Silver tea services, briefcases, fountain pens and Eversharp pencils, among other things forbidden as agent prizes may be making a comeback, and that could be a problem, according to New York insurance superintendent at the time, Francis Stoddard Jr., in a letter to all state-authorized life companies.

However, Stoddard suggested — oh so slightly — that he would allow some leniency in light of unnamed conditions and allow for a sliding scale of prize values depending on the scope of the contest, the amount of premiums involved, the frequency of contests, and other factors.

"I am of the opinion that the phrase in [insurance code] § 97 'small intrinsic value' should not be given a narrow interpretation in view of present day conditions," he wrote.

But what New York is most concerned about are new abuses that go beyond the giving of a special pen or a quality umbrella (were there any other kind, then?) to life insurance agents.

This may be a good time — before heading to the NAIC summer meeting in Indianapolis; life industry meetings in New Orleans, California, Fort Lauderdale and Cancun; or to all those far-flung International Association of Insurance Supervisors (IAIS) meetings in Brussels, Basel, Bonn, Gibraltar and Paris — for insurance professionals to take heed. 

Recent tendencies "toward making conventions more and more pleasure outings and less of business conventions," have become apparent in the life insurance arena, Stoddard warned.

The New York superintendent then strongly cautioned life insurers against pleasure outings as a reward based on the volume of any new or renewed business.

"Conventions must be held at places where it is apparent that the object is to attend to the business of the company and not to subordinate such business to pleasure outings," the department ruled.

Okay, then maybe Indianapolis is okay. 

Also, there shall be no expense-paid pleasure side trips which interfere with the business of the convention, Stoddard warned.

Any violation of any of the provisions of the New York Insurance Law makes any foreign or domestic company, or any person guilty of such violation subject to prosecution, the superintendent warned.

Non-domestic insurers who also do not comport with the provisions will not be permitted to do business within the state, he warned. 

This directive has been subsequently withdrawn. And Stoddard left office a month later.

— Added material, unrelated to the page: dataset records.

(* For "->", the witness x agrees with x0 on T except on a set L of
   min(l, |T :\: Dy|) coordinates outside Dy, and disagrees with y elsewhere,
   so x and y agree only on (T :\: Dy) :\: L. *)
Lemma mem_partner_ball T (x0 : Sp p) l r (y : Sp p) : 1 <= r ->
  (y \in partner r (hamming_ball T x0 l)) =
  (#|[set i in T | y i != x0 i]| + l + r <= #|T|).
Proof.
move=> hr; set Dy := [set i in T | y i != x0 i].
have DyT : Dy \subset T by apply/subsetP => i; rewrite inE => /andP [].
have cardU : #|T :\: Dy| = #|T| - #|Dy| by rewrite cardsD (setIidPr DyT).
apply/idP/idP => hy; last first.
  have hsum : l + #|Dy| + r <= #|T| by lia.
  rewrite inE; apply/forall_inP => x hx.
  by apply: (hamming_balls_cross hsum hx); rewrite inE.
have [L LU cardL] := exists_subset_card (geq_minr l #|T :\: Dy|).
pose x : Sp p := @finfun _ (fun j => 'I_(p j))
  (fun j => if (j \in T) && (j \notin L) then x0 j else other_value hp (y j)).
have xA : x \in hamming_ball T x0 l.
  rewrite inE; apply: leq_trans (_ : #|L| <= l); last by rewrite cardL geq_minl.
  apply: subset_leq_card; apply/subsetP => j; rewrite inE ffunE.
  by case/andP => jT; rewrite jT /=; case: (j \in L); rewrite //= eqxx.
have sub : agree x y \subset (T :\: Dy) :\: L.
  apply/subsetP => j; rewrite !inE ffunE.
  case: ifP => [/andP [jT jL] | _]; last by rewrite (negbTE (other_value_neq _ _)).
  by rewrite jT jL /= andbT negbK eq_sym.
move: hy; rewrite inE => /forall_inP /(_ x xA) /leq_trans /(_ (subset_leq_card sub)).
rewrite cardsD (setIidPr LU) cardL cardU; lia.
Qed.

Lemma prod_out_gt0 T : 0 < prod_out p T.
Proof. by apply: prodn_cond_gt0 => i _; exact: ltnW (hp i). Qed.

Lemma pred_size_gt0 i : 0 < pred_size p i.
Proof. by rewrite /pred_size; have := hp i; lia. Qed.
Lemma pigeonhole (S : {set T}) (f : T -> nat) (b : nat) :
  (forall x, x \in S -> f x <= b) -> b.+1 < #|S| ->
  exists x y, [/\ x \in S, y \in S, x != y & f x = f y].
Proof.
move=> le_fb ltS.
have [/exists_inP[x xS /exists_inP[y yS /andP[xy /eqP fxy]]]|noColl] :=
  boolP [exists x in S, exists y in S, (x != y) && (f x == f y)].
  by exists x, y.
pose g x : 'I_b.+1 := inord (f x).
have g_inj : {in S &, injective g}.
  move=> x y xS yS /(congr1 (@nat_of_ord _)); rewrite !inordK ?ltnS ?le_fb //.
  move=> fxy; apply/eqP; apply: contraNT noColl => xy.
  apply/exists_inP; exists x => //; apply/exists_inP; exists y => //.
  by rewrite xy fxy eqxx.
by have := @leq_card_in _ _ g (mem S) g_inj; rewrite card_ord leqNgt ltS.
Qed.

Lemma sum_injective_le (S : {set T}) (f : T -> nat) (t : nat) :
  {in S &, injective f} -> (forall x, x \in S -> f x <= t) ->
  2 * \sum_(x in S) f x <= t * t.+1.
Proof.
move=> f_inj le_ft.
pose g x : 'I_t.+1 := inord (f x).
have gE x : x \in S -> g x = f x :> nat by move=> xS; rewrite inordK ?ltnS ?le_ft.
have g_inj : {in S &, injective g}.
  by move=> x y xS yS /(congr1 (@nat_of_ord _)); rewrite !gE //; apply: f_inj.
rewrite (eq_bigr (fun x => nat_of_ord (g x))) => [|x /gE //].
rewrite -(big_imset (@nat_of_ord _) g_inj) /=.
have le_sum : \sum_(k in g @: S) (k : nat) <= \sum_(k < t.+1) k.
  by rewrite [X in _ <= X](bigID (mem (g @: S))) leq_addr.
apply: (leq_trans (leq_mul (leqnn 2) le_sum)).
by rewrite -(big_mkord xpredT (fun k => k)) bin2_sum -mul_bin_diag bin1 mulnC.
Qed.

Lemma set2_eqE (a b x y : T) :
  a != b -> ([set a; b] == [set x; y]) = ((a, b) \in [set (x, y); (y, x)]).
Proof.
move=> ab; rewrite !inE; apply/eqP/idP => [E|/orP[] /eqP[-> ->] //]; last exact: setUC.
have : a \in [set x; y] by rewrite -E set21.
have : b \in [set x; y] by rewrite -E set22.
by rewrite !inE => /orP[]/eqP ea /orP[]/eqP eb; rewrite ea eb ?eqxx ?orbT in ab *.
Qed.

Lemma handshake (r : rel T) : symmetric r ->
  2 * #|[set A : {set T} | [exists x, exists y, [&& x != y, r x y & A == [set x; y]]]]|
  = \sum_x #|[set y | (x != y) && r x y]|.
Proof.
move=> r_sym; set E := [set A : {set T} | _].
have -> : \sum_x #|[set y | (x != y) && r x y]|
          = \sum_(p : T * T | (p.1 != p.2) && r p.1 p.2) 1.
  rewrite -(pair_big_dep xpredT (fun x y => (x != y) && r x y) (fun _ _ => 1)).
  apply: eq_bigr => x _.
  by rewrite -sum1_card; apply: eq_bigl => y; rewrite inE.
rewrite (partition_big (fun p : T * T => [set p.1; p.2]) (mem E)); last first.
  move=> [x y] /= /andP[xy rxy]; rewrite inE.
  by apply/existsP; exists x; apply/existsP; exists y; rewrite xy rxy eqxx.
rewrite mulnC -sum_nat_const; apply: eq_bigr => S.
rewrite inE => /existsP[x /existsP[y /and3P[xy rxy /eqP->]]].
rewrite (eq_bigl (mem [set (x, y); (y, x)])) => [|[a b] /=].
  by rewrite sum1_card cards2 (_ : (x, y) != (y, x)) //; apply: contra xy => /eqP[->].
case: (eqVneq a b) => [->|ab] /=.
  apply/esym/negbTE; rewrite !inE !xpair_eqE.
  by apply: contra xy => /orP[]/andP[/eqP<- /eqP<-].
rewrite set2_eqE // andbC; case: (boolP (_ \in _)) => //=.
by rewrite !inE => /orP[]/eqP[-> ->]; rewrite // r_sym.
Qed.
End Counting.

Section Graph.
Variables (T : finType) (e : rel T).
Hypotheses (e_sym : symmetric e) (e_irr : irreflexive e).

Definition deg_in (X : {set T}) (x : T) : nat := #|[set y | e x y] :&: X|.

Lemma card_nbrs_but p q : #|[set y | e p y & y != q]| + ind e p q = deg e p.
Proof.
have -> : [set y | e p y & y != q] = [set y | e p y] :\ q.
  by apply/setP => y; rewrite !inE andbC.
by rewrite /deg (cardsD1 q [set y | e p y]) inE /ind addnC; case: (e p q).
Qed.

Lemma edge_neq x y : e x y -> x != y.
Proof. by apply: contraTneq => ->; rewrite e_irr. Qed.

Lemma deg_in_le (X : {set T}) x : deg_in X x <= #|X|.
Proof. exact/subset_leq_card/subsetIr. Qed.

Lemma deg_in_lt (X : {set T}) x : x \in X -> deg_in X x < #|X|.
Proof.
move=> xX; apply/proper_card/properP; split; first exact: subsetIr.
by exists x; rewrite // !inE e_irr.
Qed.

Lemma deg_inE (X : {set T}) x : deg_in X x = \sum_(y in X) e x y.
Proof.
rewrite /deg_in -sum1_card big_mkcond /= [RHS]big_mkcond; apply: eq_bigr => y _.
by rewrite !inE; case: (y \in X); case: (e x y).
Qed.

Lemma sum_deg_in_sym (X Y : {set T}) :
  \sum_(x in X) deg_in Y x = \sum_(y in Y) deg_in X y.
Proof.
under eq_bigr do rewrite deg_inE; rewrite exchange_big /=.
by apply: eq_bigr => y _; rewrite deg_inE; apply: eq_bigr => x _; rewrite e_sym.
Qed.

Lemma nedges_compl_deg_sum : 2 * nedges_compl e + \sum_x deg e x = #|T| * #|T|.-1.
Proof.
have ne_sym : symmetric (fun x y => ~~ e x y) by move=> x y; rewrite e_sym.
rewrite /nedges_compl (handshake ne_sym) -big_split /= -{1}[#|T|]sum1_card.
rewrite big_distrl /=; apply: eq_bigr => x _; rewrite mul1n.
have -> : [set y | (x != y) && ~~ e x y] = ~: (x |: [set y | e x y]).
  by apply/setP => y; rewrite !inE negb_or eq_sym.
have := cardsC (x |: [set y | e x y]); rewrite cardsU1 inE e_irr /deg /=; lia.
Qed.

It's been 90 years since Stoddard issued his warning. Today, New York is a lot different–but it still is a land of strong consequences, with officials like Eliot Spitzer, who took down AIG's CEO, and Ben Lawsky, the state's first superintendent of financial services, who goes after international banks and wins big fines, courted top life insurance CEOs in his first week in office to help him broker deal for a $100 million  fund for short-changed annuity policyholders left behind by a company that failed two decades ago, or calls for, against the good graces of the NAIC leadership, a national moratorium on captive insurance transactions – all before breakfast (or an early lunch).